Lemma adj_crossed : is_crossed_module D e adj D.
Proof.
split; first exact: adj_module.
  by split; [exact: hopf_D_lin hH | exact: hopf_coassoc hH | exact: hopf_counitl hH].
move=> h v W phi hphi; have [hphi1 hphi2] := hphi.
rewrite !big_allpairs_dep /=.
change (Dsum h (fun a b => Dsum v (fun x y => phi (a * x) (adj b y))) =
        Dsum h (fun a b => Dsum (adj a v) (fun x y => phi (x * b) y))).
transitivity (Dsum3 h (fun a s t => Dsum v (fun x y => phi (a * x) (s * y * S t)))).
  apply: eq_Dsum => a b; rewrite /adj exchange_Dsum.
  by apply: eq_Dsum => x y; rewrite (@lin_Dsum _ _ (phi (a * x))).
symmetry.
transitivity (Dsum3 h (fun s t b => Dsum s (fun s1 s2 => Dsum v (fun v1 v2 =>
    Dsum t (fun t1 t2 => phi (s1 * v1 * S t2 * b) (s2 * v2 * S t1)))))).
  rewrite -Dsum_coassoc; last by solve_lin.
  apply: eq_Dsum => a b; rewrite /adj.
  rewrite (@lin_Dsum _ _ (fun z => Dsum z (fun x y => phi (x * b) y))); last by solve_lin.
  apply: eq_Dsum => s t; rewrite !Dsum_mul; try by solve_lin.
  by apply: eq_Dsum => s1 s2; apply: eq_Dsum => v1 v2; rewrite Dsum_antipode //; solve_lin.
transitivity (Dsum5 h (fun s1 s2 t1 t2 b =>
    Dsum v (fun v1 v2 => phi (s1 * v1 * (S t2 * b)) (s2 * v2 * S t1)))).
  rewrite Dsum4_split1; last by solve_lin.
  rewrite -Dsum5_split3; last by solve_lin.
  apply: eq_Dsum => s1 m; apply: eq_Dsum => s2 m'; apply: eq_Dsum => t b.
  by rewrite exchange_Dsum; apply: eq_Dsum => t1 t2; apply: eq_Dsum => v1 v2; rewrite !mulrA.
apply: eq_Dsum => s1 m; apply: eq_Dsum => s2 m'.
rewrite (Dsum3_antipodel23 _
  (F := fun t1 u => Dsum v (fun v1 v2 => phi (s1 * v1 * u) (s2 * v2 * S t1)))); last by solve_lin.
by apply: eq_Dsum => v1 v2; rewrite mulr1.
Qed.

Lemma QT_functor_not_iso (R : seq (H * H)) : nontrivial_hopf H -> ~ QT_functor_iso D e R.
Proof.
move=> [h0 h0_nonscalar] [surj _ _].
have [act' [_ act'E coE]] := surj _ adj D adj_crossed.
set c := \sum_(r <- R) e r.1 *: r.2.
have scalar_c v : v = e v *: c.
  have hb : bilin (fun a b : H => e b *: a) by solve_lin.
  have := coE v _ _ hb; rewrite big_map /= (hopf_counitr hH) => E.
  rewrite -{1}E /c scaler_sumr; apply: eq_bigr => r _.
  by rewrite act'E counit_adj scalerA.
have c1 : c = 1 by rewrite [RHS]scalar_c (hopf_e_1 hH) scale1r.
by apply: (h0_nonscalar (e h0)); rewrite {1}(scalar_c h0) c1.
Qed.

Definition coadj (v : H) : seq (H * H) :=
  [seq (p.1 * S q.2, q.1) | p <- D v, q <- D p.2].

Lemma sum_coadj W v (phi : H -> H -> W) :
  \sum_(p <- coadj v) phi p.1 p.2 = Dsum3 v (fun a x y => phi (a * S y) x).
Proof. exact: big_allpairs_dep. Qed.

Lemma coadj_comodule : is_comodule D e coadj.
Proof.
split.
- move=> c x y W phi hphi; have [hphi1 hphi2] := hphi.
  rewrite big_cat big_map /= (sum_coadj _ (fun a b => phi (c *: a) b)) !sum_coadj.
  rewrite (Dsum3_linear (F := fun a x y => phi (a * S y) x)); last by solve_lin.
  congr (_ + _); rewrite -Dsum_scale; apply: eq_Dsum => a m.
  by rewrite -Dsum_scale; apply: eq_Dsum => x' y'; rewrite (linZ _ _ (hphi1 _)).
- move=> v W F hF; rewrite !big_allpairs_dep /=.
  change (Dsum3 v (fun a x y => Dsum (a * S y) (fun q1 q2 => F q1 q2 x)) =
          Dsum3 v (fun a x y => \sum_(q <- coadj x) F (a * S y) q.1 q.2)).
  transitivity (Dsum5 v (fun a1 a2 x y1 y2 => F (a1 * S y2) (a2 * S y1) x)).
    rewrite -[RHS]/(Dsum4 v (fun a1 a2 x y => Dsum y (fun y1 y2 => F (a1 * S y2) (a2 * S y1) x))).
    rewrite -Dsum4_split1; last by solve_lin.
    apply: eq_Dsum => a m; apply: eq_Dsum => x y.
    rewrite Dsum_mul; last by solve_lin.
    by apply: eq_Dsum => a1 a2; rewrite Dsum_antipode //; solve_lin.
  rewrite -Dsum5_split3; last by solve_lin.
  rewrite -Dsum4_split2; last by solve_lin.
  by apply: eq_Dsum => a m; apply: eq_Dsum => x y; rewrite sum_coadj.
- move=> v; rewrite (sum_coadj _ (fun a b => e a *: b)).
  rewrite -[RHS](Dsum_counitl v (@lin_id _ H)); apply: eq_Dsum => a m.
  transitivity (e a *: Dsum m (fun x y => e y *: x)).
    by rewrite -Dsum_scale; apply: eq_Dsum => x y; rewrite counitM counitS scalerA.
  by rewrite (Dsum_counitr m (@lin_id _ H)).
Qed.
──────────────────────────────
Only the lines from the one with "by apply: eq_Dsum => v1 v2; rewrite mulr1." through the end of the data belong in the answer, each reproduced exactly.

» TASK SOLUTION
by apply: eq_Dsum => v1 v2; rewrite mulr1.
Qed.

Lemma QT_functor_not_iso (R : seq (H * H)) : nontrivial_hopf H -> ~ QT_functor_iso D e R.
Proof.
move=> [h0 h0_nonscalar] [surj _ _].
have [act' [_ act'E coE]] := surj _ adj D adj_crossed.
set c := \sum_(r <- R) e r.1 *: r.2.
have scalar_c v : v = e v *: c.
  have hb : bilin (fun a b : H => e b *: a) by solve_lin.
  have := coE v _ _ hb; rewrite big_map /= (hopf_counitr hH) => E.
  rewrite -{1}E /c scaler_sumr; apply: eq_bigr => r _.
  by rewrite act'E counit_adj scalerA.
have c1 : c = 1 by rewrite [RHS]scalar_c (hopf_e_1 hH) scale1r.
by apply: (h0_nonscalar (e h0)); rewrite {1}(scalar_c h0) c1.
Qed.

Definition coadj (v : H) : seq (H * H) :=
  [seq (p.1 * S q.2, q.1) | p <- D v, q <- D p.2].

Lemma sum_coadj W v (phi : H -> H -> W) :
  \sum_(p <- coadj v) phi p.1 p.2 = Dsum3 v (fun a x y => phi (a * S y) x).
Proof. exact: big_allpairs_dep. Qed.

Lemma coadj_comodule : is_comodule D e coadj.
Proof.
split.
- move=> c x y W phi hphi; have [hphi1 hphi2] := hphi.
  rewrite big_cat big_map /= (sum_coadj _ (fun a b => phi (c *: a) b)) !sum_coadj.
  rewrite (Dsum3_linear (F := fun a x y => phi (a * S y) x)); last by solve_lin.
  congr (_ + _); rewrite -Dsum_scale; apply: eq_Dsum => a m.
  by rewrite -Dsum_scale; apply: eq_Dsum => x' y'; rewrite (linZ _ _ (hphi1 _)).
- move=> v W F hF; rewrite !big_allpairs_dep /=.
  change (Dsum3 v (fun a x y => Dsum (a * S y) (fun q1 q2 => F q1 q2 x)) =
          Dsum3 v (fun a x y => \sum_(q <- coadj x) F (a * S y) q.1 q.2)).
  transitivity (Dsum5 v (fun a1 a2 x y1 y2 => F (a1 * S y2) (a2 * S y1) x)).
    rewrite -[RHS]/(Dsum4 v (fun a1 a2 x y => Dsum y (fun y1 y2 => F (a1 * S y2) (a2 * S y1) x))).
    rewrite -Dsum4_split1; last by solve_lin.
    apply: eq_Dsum => a m; apply: eq_Dsum => x y.
    rewrite Dsum_mul; last by solve_lin.
    by apply: eq_Dsum => a1 a2; rewrite Dsum_antipode //; solve_lin.
  rewrite -Dsum5_split3; last by solve_lin.
  rewrite -Dsum4_split2; last by solve_lin.
  by apply: eq_Dsum => a m; apply: eq_Dsum => x y; rewrite sum_coadj.
- move=> v; rewrite (sum_coadj _ (fun a b => e a *: b)).
  rewrite -[RHS](Dsum_counitl v (@lin_id _ H)); apply: eq_Dsum => a m.
  transitivity (e a *: Dsum m (fun x y => e y *: x)).
    by rewrite -Dsum_scale; apply: eq_Dsum => x y; rewrite counitM counitS scalerA.
  by rewrite (Dsum_counitr m (@lin_id _ H)).
Qed.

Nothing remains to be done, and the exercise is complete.